As our "health care reform chicken soup" is created in this next stage and bills are merged, I started to wonder what are vital ingredients needed to make the tastiest, most nourishing final masterpiece that will inspire rave reviews. Personally, I think the below ingredients (which I saw posted in the Washington Monthly) are essential to that delicious health care reform chicken soup. So my question to you is: what do you think are the vital ingredients that should be included in the recipe for the best health care reform chicken soup? Try not to worry about whether they are realisitc in terms of support. Just list the ideal ingredients you see as important. Do you agree with those below? Disagree? Any additions or amendments?
Bon Appetite!
From the New Republic via Washington Monthly:
‘…The Top Ten Things Worth Fighting For
by Jonathan Cohn
1. Increase the subsidies. The House and HELP bill have sliding scale subsidies that extend to people making up to four times the poverty line, or about $88,000 a year for a family of four. Finance’s bill stops the subsidies at three times the poverty level, although there’s some assistance above it, and offers less help to even those who still qualify. This is a strength of the House and HELP bill and might, in theory, seem like an easy thing to save, since virtually everybody says they worry about reform not making insurance sufficiently affordable. But more subsidies require more money. The options are out there: A tax on sugary sodas, the House's millionaire surcharge, or President Obama's proposal to cap charitable deductions. But it's when you start talking taxes than the centrists start backing away from the table.

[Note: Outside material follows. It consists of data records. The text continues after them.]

Lemma open_injection_factor {X Y Z : topologicalType} {e : Y -> Z} {f : X -> Z} :
  injective e -> (forall U, open U -> open (e @` U)) -> continuous f ->
  range f `<=` range e -> exists g : X -> Y, continuous g /\ f = e \o g.
Proof.
move=> e_inj e_open /continuousP f_cont fe.
have /choice [g gP] : forall x, exists y, e y = f x.
  by move=> x; have [y _ <-] := fe (f x) (imageT f x); exists y.
exists g; split; last by apply/funext => x; rewrite /= gP.
apply/continuousP => V oV.
suff -> : g @^-1` V = f @^-1` (e @` V) by exact/f_cont/e_open.
apply/seteqP; split=> [x Vgx|x [y Vy]] /=; first by exists (g x).
by rewrite -gP => /e_inj <-.
Qed.

Lemma colimit_retraction {P : topologicalType -> Prop} {I : Type}
    {le : I -> I -> Prop} {Z : I -> topologicalType}
    {z : forall i j, le i j -> Z i -> Z j} {Zc W : topologicalType}
    {c : forall i, Z i -> Zc} {d : forall i, Z i -> W} {v : W -> Zc} :
  is_colimit P z c -> P W -> is_cocone z d ->
  continuous v -> (forall i, v \o d i = c i) ->
  exists u : Zc -> W, [/\ continuous u, forall i, u \o c i = d i & cancel u v].
Proof.
move=> [PZc c_cocone c_univ] PW d_cocone v_cont vd.
have [u [[u_cont uc] _]] := c_univ W PW d d_cocone.
have [u0 [_ c_uniq]] := c_univ Zc PZc c c_cocone.
have vu : v \o u = id.
  have -> : id = u0 by apply: c_uniq => // y.
  apply: c_uniq => [y|i]; first exact: continuous_comp (u_cont y) (v_cont _).
  by rewrite -compA uc vd.
by exists u; split=> // y; rewrite -[RHS]/(id y) -vu.
Qed.

Section DirectedColimit.
Variables (I : Type) (le : I -> I -> Prop) (Z : I -> topologicalType)
  (z : forall i j, le i j -> Z i -> Z j).
Hypothesis le_directed : directed_poset le.
Hypothesis z_oe : forall i j (h : le i j), open_embedding (z i j h).
Hypothesis z_id : forall i (h : le i i), z i i h =1 id.
Hypothesis z_comp : forall i j k (hij : le i j) (hjk : le j k) (hik : le i k),
  z i k hik =1 z j k hjk \o z i j hij.

Let dir_refl i : le i i. Proof. by case: le_directed. Qed.

Let dir_trans i j k : le i j -> le j k -> le i k.
Proof. by case: le_directed => _ + _ _; apply. Qed.

Let dir_ub i j : exists k, le i k /\ le j k.
Proof.
case: le_directed => _ _ _ /(_ [set i; j] (finite_set2 _ _)) [k ub].
by exists k; split; apply: ub; [left | right].
Qed.

Let z_irr i j (h h' : le i j) : z i j h = z i j h'.
Proof. by rewrite (Prop_irrelevance h h'). Qed.

Let z_compE i j k (hij : le i j) (hjk : le j k) x :
  z _ _ hjk (z _ _ hij x) = z _ _ (dir_trans _ _ _ hij hjk) x.
Proof. by rewrite (z_comp _ _ _ hij hjk). Qed.

Definition colim_rel (p q : {i & Z i}) : Prop :=
  exists k (hp : le (projT1 p) k) (hq : le (projT1 q) k),
    z _ _ hp (projT2 p) = z _ _ hq (projT2 q).

Let colim_rel_refl p : colim_rel p p.
Proof. by exists (projT1 p), (dir_refl _), (dir_refl _). Qed.

Let colim_rel_sym p q : colim_rel p q -> colim_rel q p.
Proof. by move=> [k [hp [hq e]]]; exists k, hq, hp. Qed.

Let colim_rel_trans p q r : colim_rel p q -> colim_rel q r -> colim_rel p r.
Proof.
move=> [k [hp [hq e]]] [k' [hq' [hr e']]].
have [m [km k'm]] := dir_ub k k'.
exists m, (dir_trans _ _ _ hp km), (dir_trans _ _ _ hr k'm).
rewrite (z_comp _ _ _ hp km (dir_trans _ _ _ hp km)).
rewrite (z_comp _ _ _ hr k'm (dir_trans _ _ _ hr k'm)) /= e -e' !z_compE.
by rewrite (z_irr _ _ (dir_trans _ _ _ hq km) (dir_trans _ _ _ hq' k'm)).
Qed.

(* The colimit in Top: the classes of [colim_rel] on the disjoint union of the
   stages, with the final topology of the injections [colim_in]. *)
Definition colim : Type := {S : set {i & Z i} | exists p, S = colim_rel p}.
HB.instance Definition _ := gen_eqMixin colim.
HB.instance Definition _ := gen_choiceMixin colim.

Definition colim_in i (x : Z i) : colim := exist _ _ (ex_intro _ (existT _ i x) erefl).

Definition colim_open (U : set colim) : Prop := forall i, open (colim_in i @^-1` U).

Let colim_openT : colim_open setT.
Proof. by move=> i; rewrite preimage_setT; exact: openT. Qed.

Let colim_openI : setI_closed colim_open.
Proof. by move=> U V oU oV i; rewrite preimage_setI; exact: openI. Qed.

Let colim_open_bigcup (J : Type) (U : J -> set colim) :
  (forall j, colim_open (U j)) -> colim_open (\bigcup_j U j).
Proof. by move=> oU i; rewrite preimage_bigcup; apply: bigcup_open => j _; exact: oU. Qed.

HB.instance Definition _ :=
  isOpenTopological.Build colim colim_openT colim_openI colim_open_bigcup.

Lemma colim_openP (U : set colim) : open U <-> forall i, open (colim_in i @^-1` U).
Proof. exact: iff_refl. Qed.

Lemma colim_inE i j (x : Z i) (y : Z j) :
  colim_in i x = colim_in j y <-> colim_rel (existT _ i x) (existT _ j y).
Proof.
split=> [/(congr1 sval) /= ->|xy]; first exact: colim_rel_refl.
apply: eq_exist; apply/seteqP; split=> r.
  exact/colim_rel_trans/colim_rel_sym.
exact: colim_rel_trans.
Qed.

Lemma colim_in_inj i : injective (colim_in i).
Proof.
move=> x y /colim_inE [k [hx [hy /=]]]; rewrite (z_irr _ _ hx hy).
by case: (z_oe i k hy) => + _ _; apply.
Qed.

Lemma colim_in_z i j (h : le i j) x : colim_in j (z i j h x) = colim_in i x.
Proof. by apply/colim_inE; exists j, (dir_refl j), h; rewrite /= z_id. Qed.

Lemma colim_in_surj (S : colim) : exists i x, S = colim_in i x.
Proof. by case: S => S [[i x] e]; exists i, x; exact: eq_exist. Qed.

Lemma colim_in_continuous i : continuous (colim_in i).
Proof. by apply/continuousP => U /colim_openP. Qed.

Lemma colim_in_open i (U : set (Z i)) : open U -> open (colim_in i @` U).
Proof.
move=> oU; apply/colim_openP => j; rewrite openE.
move=> y [x Ux /colim_inE [k [hx [hy /= e]]]].
have [_ /continuousP hy_cont hy_open] := z_oe j k hy.
have [_ _ hx_open] := z_oe i k hx.
apply: (@filterS _ _ _ (z _ _ hy @^-1` (z _ _ hx @` U))).
  move=> y' [x' Ux' e']; exists x' => //.
  by apply/colim_inE; exists k, hx, hy.
by apply: open_nbhs_nbhs; split; [exact/hy_cont/hx_open | exists x].
Qed.

Lemma colim_in_cocone : is_cocone z colim_in.
Proof.
split; first exact: colim_in_continuous.
by move=> i j h; apply/funext => x /=; exact: colim_in_z.
Qed.

Section Lift.
Variables (W : topologicalType) (d : forall i, Z i -> W).
Hypothesis d_cocone : is_cocone z d.

Definition colim_lift (S : colim) : W :=
  let p := projT1 (cid (svalP S)) in d (projT1 p) (projT2 p).

Lemma colim_liftE i x : colim_lift (colim_in i x) = d i x.
Proof.
rewrite /colim_lift; case: cid => -[j y] /= e.
have /colim_inE [k [hx [hy /= xy]]] : colim_in i x = colim_in j y by exact: eq_exist.
by have [_ dz] := d_cocone; rewrite -(dz _ _ hx) -(dz _ _ hy) /= xy.
Qed.

Lemma colim_lift_continuous : continuous colim_lift.
Proof.
apply/continuousP => U oU; apply/colim_openP => i.
have lift_in : colim_lift \o colim_in i = d i.
  by apply/funext => x /=; rewrite colim_liftE.
have [/(_ i)/continuousP d_cont _] := d_cocone.
by rewrite -comp_preimage lift_in; exact: d_cont.
Qed.

End Lift.

Arguments colim_liftE {W d}.
Arguments colim_lift_continuous {W d}.

Lemma open_union_closed_colim {P : topologicalType -> Prop} :
  open_union_closed P -> (forall i, P (Z i)) -> P colim.
Proof.
move=> PU PZ; apply: (PU _ _ _ _ PZ colim_in_inj colim_in_open) => a b.
have [i [x ->]] := colim_in_surj a; have [j [y ->]] := colim_in_surj b.
have [k [ik jk]] := dir_ub i j.
by exists k, (z _ _ ik x), (z _ _ jk y); rewrite !colim_in_z.
Qed.

Lemma colimit_legs (P : topologicalType -> Prop) (Zc : topologicalType)
    (c : forall i, Z i -> Zc) :
  open_union_closed P -> (forall i, P (Z i)) -> is_colimit P z c ->
  [/\ forall i, injective (c i), forall i U, open U -> open (c i @` U)
    & forall y, exists i x, y = c i x].
Proof.
move=> PU PZ c_colim; have [_ c_cocone _] := c_colim.
have [u [u_cont uc uK]] := colimit_retraction c_colim
  (open_union_closed_colim PU PZ) colim_in_cocone (colim_lift_continuous c_cocone)
  (fun i => funext (colim_liftE c_cocone i)).
have ucE i x : u (c i x) = colim_in i x by rewrite -(uc i).
split.
- by move=> i x y /(congr1 u); rewrite !ucE => /colim_in_inj.
- move=> i U oU; have -> : c i @` U = u @^-1` (colim_in i @` U).
    apply/seteqP; split=> y /=; first by case=> x Ux <-; rewrite ucE; exists x.
    by case=> x Ux e; exists x => //; rewrite -[y]uK -e colim_liftE.
  by move/continuousP: u_cont; apply; exact: colim_in_open.
- move=> y; have [i [x e]] := colim_in_surj (u y).
  by exists i, x; rewrite -[y]uK e colim_liftE.
Qed.

End DirectedColimit.

Arguments colimit_legs {I le Z z} le_directed z_oe z_id z_comp {P Zc c}.

Lemma compact_fin_gen_oe {P : topologicalType -> Prop} {X : topologicalType} :
  open_union_closed P -> compact [set: X] -> fin_gen_oe P X.
Proof.
move=> PU X_cpt I le Z z Zc c [le_directed PZ z_oe z_id z_comp] c_colim f f_cont.
have [c_inj c_open c_surj] := colimit_legs le_directed z_oe z_id z_comp PU PZ c_colim.
have [_ [_ c_z] _] := c_colim.
split=> [|i g g' _ _ fg fg']; last first.
  have -> : g = g'.
    by apply/funext => x; apply: (@c_inj i); rewrite -[LHS]/((c i \o g) x) -fg fg'.
  by case: le_directed => refl _ _ _; exists i, (refl i).
have [k fk] : exists k, range f `<=` range (c k).
  apply: (compact_directed_cover le_directed) => [i j h _ [x _ <-]| i | y |].
  - by exists (z i j h x) => //; rewrite -(c_z i j h).
  - exact/c_open/openT.
  - by have [i [x ->]] := c_surj y; exists i; exists x.
  - by apply: continuous_compact X_cpt; exact: continuous_subspaceT.
have [g [g_cont ->]] := open_injection_factor (@c_inj k) (c_open k) f_cont fk.
by exists k, g.
Qed.

Section OpenSubspaces.
Variable X : topologicalType.

Lemma set_val_continuous (A : set X) : continuous (set_val : set_type A -> X).
Proof. exact: initial_continuous. Qed.

Lemma set_val_open (A : set X) (U : set (set_type A)) :
  open A -> open U -> open (set_val @` U).
Proof.
move=> oA [W oW <-].
have -> : set_val @` (@set_val _ A @^-1` W) = W `&` A.
  apply/seteqP; split=> [_ [p Wp <-]|x [Wx Ax]].
    by split=> //; exact: set_mem (valP p).
  by exists (SigSub (mem_set Ax)).
exact: openI.
Qed.

Definition set_incl {A B : set X} (AB : A `<=` B) (p : set_type A) : set_type B :=
  SigSub (mem_set (AB _ (set_mem (valP p)))).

2. Bolster the protection against high expenses. There’s no reason anybody should face out-of-pocket expenses of more than a few thousand dollars. The House and HELP bills come closer to meeting this standard, although even the protection even in those bills could stand some improvement. This, too, is not so controversial in theory. Everybody, left and right, wants insurance that protects people. But establishing a higher baseline of protection will--like more subsidies--require more funding, to subsidize the more generous insurance. That's really where the challenge lies. There may be a way out of this. If you give insurers leeways for slightly higher deductibles, the money that frees up is enough to require much tighter limits on overall out-of-pocket spending. Or so I am told. It'd be better, though, just to come up with more money.
3. Get tough with providers and producers. Both the drug industry and the hospital industry got sweetheart deals. And since the White House was a party to these agreements, rewriting them may not possible, or at least politically realistic. But there may be chances to tweak them and, if so, Congress should take them. Under the current deal, it doesn’t appear either the drug industry or the hospitals will actually be giving up much revenue; if anything, they might come out ahead. Surely it makes sense to ask them for a larger financial sacrifice, particularly if it can be done in a way that fosters more efficient care that would help reduce overall health care spending down the road. Remember, the most important aspect of these deals isn't the cash it frees up in the short term but the behavior changes it fosters in the long run. By the way, while Congress is at it, it might want to look at the other key industry groups--namely, doctors and device-makers.
4. Get a public plan (or something that serves the same purpose). Passing a fully fledged public plan, the kind that has all of the bargaining power that its architects originally envisioned, still seems like a long shot. The Senate votes just aren’t there. But idea of a public plan, or something like it, is definitely getting a second look from lawmakers who once dismissed the idea out of hand. The reasons are pretty simple: The idea continues to poll well, at least in isolation, and it eases anxiety about the requirement that everybody get insurance. The most likely scenario, I continue to think, is to arrive at some sort of trigger. But a well-designed trigger might still do some good. The key is designing one that would actually scare insurers, enough to make them provide the kind of affordable coverage we all want.
5. Strengthen the exchanges. The House doesn’t get much credit for this, but it got the exchange structures almost exactly right. In their bills, the exchanges would be national, rather than state-based, with authority to police insurers aggressively and bargain hard for lower prices. The model here is the Massachusetts Connector’s management of the CommonwealthCare program, which has successfully held down premiums for its enrollees. This is not what the insurance companies want, which tells you why it’s so important. But the idea may yet win out. According to my colleague Suzy Khimm, Olympia Snowe is already thinking along those lines.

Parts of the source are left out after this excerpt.